# WHAT YOU SHOULD DO:
Your answer must be an exact copy of the records below.

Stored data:
● ● ● ●
Lemma scalarF_central (K : fieldType) (k : K) (B : 'M[SA K]_2) :
  (polyS k%:MP)%:M * B = B * (polyS k%:MP)%:M.
Proof. by apply: scalar_mx_comm => x; rewrite /polyS -!mulmxE scalar_mxC. Qed.

(* Goals between 2x2 matrices over K[X;Y] are closed with [exact] rather
   than [done]: the latter attempts conversion on the matrices, which is
   prohibitively slow. *)
Section StrongCentrality.
Variables (K : fieldType) (a : 'M[SA K]_2).
Hypotheses (aC1 : a * C1 K = C1 K * a) (aC2 : a * C2 K = C2 K * a).
Hypothesis a_kills_comm12 : kills_comm a (C1 K) (C2 K).

Lemma central_of_generators : centralF a.
Proof.
move=> b; elim=> [k|||b1 b2 _ ab1 _ ab2|b1 b2 _ ab1 _ ab2].
- exact/esym/scalarF_central.
- exact: aC1.
- exact: aC2.
- rewrite mulrDr mulrDl ab1 ab2; exact: erefl.
- rewrite mulrA ab1 -mulrA ab2; exact: mulrA.
Qed.

Lemma kills_comm_scalar k c : kills_comm a (polyS k%:MP)%:M c.
Proof. rewrite /kills_comm scalarF_central; exact: erefl. Qed.

Lemma kills_comm_inF_r b :
  (forall k, kills_comm a b (polyS k%:MP)%:M) ->
  kills_comm a b (C1 K) -> kills_comm a b (C2 K) ->
  forall c, inF c -> kills_comm a b c.
Proof.
move=> b_k b_C1 b_C2 c; elim=> [k|||c1 c2 _ b_c1 _ b_c2|c1 c2 inF_c1 b_c1 _ b_c2].
- exact: b_k.
- exact: b_C1.
- exact: b_C2.
- exact/kills_comm_sym/kills_commDl/kills_comm_sym/b_c2/kills_comm_sym/b_c1.
- apply/kills_comm_sym/kills_commMl; first exact: central_of_generators inF_c1.
  + exact/kills_comm_sym/b_c1.
  + exact/kills_comm_sym/b_c2.
Qed.

Lemma kills_comm_inF b c : inF b -> inF c -> kills_comm a b c.
Proof.
move=> inF_b; elim: inF_b c
  => [k|||b1 b2 inF_b1 b1_c _ b2_c|b1 b2 inF_b1 b1_c _ b2_c] c inF_c.
- exact: kills_comm_scalar.
- apply: kills_comm_inF_r inF_c => [k||].
  + exact/kills_comm_sym/kills_comm_scalar.
  + exact: erefl.
  + exact: a_kills_comm12.
- apply: kills_comm_inF_r inF_c => [k||].
  + exact/kills_comm_sym/kills_comm_scalar.
  + exact/kills_comm_sym/a_kills_comm12.
  + exact: erefl.
- exact: kills_commDl (b1_c c inF_c) (b2_c c inF_c).
- exact: kills_commMl (central_of_generators inF_b1) (b1_c c inF_c) (b2_c c inF_c).
Qed.

Lemma strongly_central_of_generators : strongly_centralF a.
Proof.
split=> [|b inF_b c inF_c]; first exact: central_of_generators.
rewrite -mulrA (kills_comm_inF inF_b inF_c) mulrA (central_of_generators inF_c).
exact: esym (mulrA _ _ _).
Qed.

End StrongCentrality.

(* Subsets of {0,1,2,3} are encoded as bit masks S < 16. *)
Definition subsetb (c r : nat) : bool := (Nat.land c r == c)%N.
Definition disjointb (S T : nat) : bool := (Nat.land S T == 0)%N.
Definition bit (S i : nat) : nat := Nat.testbit S i.

(* y_S y_T = (-1) ^+ inversions S T * y_(S u T) for disjoint S and T. *)
Definition inversions (S T : nat) : nat :=
  (bit S 1 * bit T 0 + bit S 2 * (bit T 0 + bit T 1)
   + bit S 3 * (bit T 0 + bit T 1 + bit T 2))%N.

Definition all16 (f : nat -> bool) : bool := all f (iota 0 16).

Lemma all16P f : all16 f -> forall n, (n < 16)%N -> f n.
Proof. by move=> /allP fP n lt_n16; apply: fP; rewrite mem_iota. Qed.

Lemma lxorK r S : Nat.lxor r (Nat.lxor r S) = S.
Proof.
by rewrite -PeanoNat.Nat.lxor_assoc PeanoNat.Nat.lxor_nilpotent PeanoNat.Nat.lxor_0_l.
Qed.

Lemma lxor_lt16 : all16 (fun r => all16 (fun S => Nat.lxor r S < 16))%N.
Proof. by vm_compute. Qed.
● ● ● ●
# RESPONSE TO THE EXERCISE:
Lemma scalarF_central (K : fieldType) (k : K) (B : 'M[SA K]_2) :
  (polyS k%:MP)%:M * B = B * (polyS k%:MP)%:M.
Proof. by apply: scalar_mx_comm => x; rewrite /polyS -!mulmxE scalar_mxC. Qed.

(* Goals between 2x2 matrices over K[X;Y] are closed with [exact] rather
   than [done]: the latter attempts conversion on the matrices, which is
   prohibitively slow. *)
Section StrongCentrality.
Variables (K : fieldType) (a : 'M[SA K]_2).
Hypotheses (aC1 : a * C1 K = C1 K * a) (aC2 : a * C2 K = C2 K * a).
Hypothesis a_kills_comm12 : kills_comm a (C1 K) (C2 K).

Lemma central_of_generators : centralF a.
Proof.
move=> b; elim=> [k|||b1 b2 _ ab1 _ ab2|b1 b2 _ ab1 _ ab2].
- exact/esym/scalarF_central.
- exact: aC1.
- exact: aC2.
- rewrite mulrDr mulrDl ab1 ab2; exact: erefl.
- rewrite mulrA ab1 -mulrA ab2; exact: mulrA.
Qed.

Lemma kills_comm_scalar k c : kills_comm a (polyS k%:MP)%:M c.
Proof. rewrite /kills_comm scalarF_central; exact: erefl. Qed.

Lemma kills_comm_inF_r b :
  (forall k, kills_comm a b (polyS k%:MP)%:M) ->
  kills_comm a b (C1 K) -> kills_comm a b (C2 K) ->
  forall c, inF c -> kills_comm a b c.
Proof.
move=> b_k b_C1 b_C2 c; elim=> [k|||c1 c2 _ b_c1 _ b_c2|c1 c2 inF_c1 b_c1 _ b_c2].
- exact: b_k.
- exact: b_C1.
- exact: b_C2.
- exact/kills_comm_sym/kills_commDl/kills_comm_sym/b_c2/kills_comm_sym/b_c1.
- apply/kills_comm_sym/kills_commMl; first exact: central_of_generators inF_c1.
  + exact/kills_comm_sym/b_c1.
  + exact/kills_comm_sym/b_c2.
Qed.

Lemma kills_comm_inF b c : inF b -> inF c -> kills_comm a b c.
Proof.
move=> inF_b; elim: inF_b c
  => [k|||b1 b2 inF_b1 b1_c _ b2_c|b1 b2 inF_b1 b1_c _ b2_c] c inF_c.
- exact: kills_comm_scalar.
- apply: kills_comm_inF_r inF_c => [k||].
  + exact/kills_comm_sym/kills_comm_scalar.
  + exact: erefl.
  + exact: a_kills_comm12.
- apply: kills_comm_inF_r inF_c => [k||].
  + exact/kills_comm_sym/kills_comm_scalar.
  + exact/kills_comm_sym/a_kills_comm12.
  + exact: erefl.
- exact: kills_commDl (b1_c c inF_c) (b2_c c inF_c).
- exact: kills_commMl (central_of_generators inF_b1) (b1_c c inF_c) (b2_c c inF_c).
Qed.

Lemma strongly_central_of_generators : strongly_centralF a.
Proof.
split=> [|b inF_b c inF_c]; first exact: central_of_generators.
rewrite -mulrA (kills_comm_inF inF_b inF_c) mulrA (central_of_generators inF_c).
exact: esym (mulrA _ _ _).
Qed.

End StrongCentrality.

(* Subsets of {0,1,2,3} are encoded as bit masks S < 16. *)
Definition subsetb (c r : nat) : bool := (Nat.land c r == c)%N.
Definition disjointb (S T : nat) : bool := (Nat.land S T == 0)%N.
Definition bit (S i : nat) : nat := Nat.testbit S i.

(* y_S y_T = (-1) ^+ inversions S T * y_(S u T) for disjoint S and T. *)
Definition inversions (S T : nat) : nat :=
  (bit S 1 * bit T 0 + bit S 2 * (bit T 0 + bit T 1)
   + bit S 3 * (bit T 0 + bit T 1 + bit T 2))%N.

Definition all16 (f : nat -> bool) : bool := all f (iota 0 16).

Lemma all16P f : all16 f -> forall n, (n < 16)%N -> f n.
Proof. by move=> /allP fP n lt_n16; apply: fP; rewrite mem_iota. Qed.

Lemma lxorK r S : Nat.lxor r (Nat.lxor r S) = S.
Proof.
by rewrite -PeanoNat.Nat.lxor_assoc PeanoNat.Nat.lxor_nilpotent PeanoNat.Nat.lxor_0_l.
Qed.

Lemma lxor_lt16 : all16 (fun r => all16 (fun S => Nat.lxor r S < 16))%N.
Proof. by vm_compute. Qed.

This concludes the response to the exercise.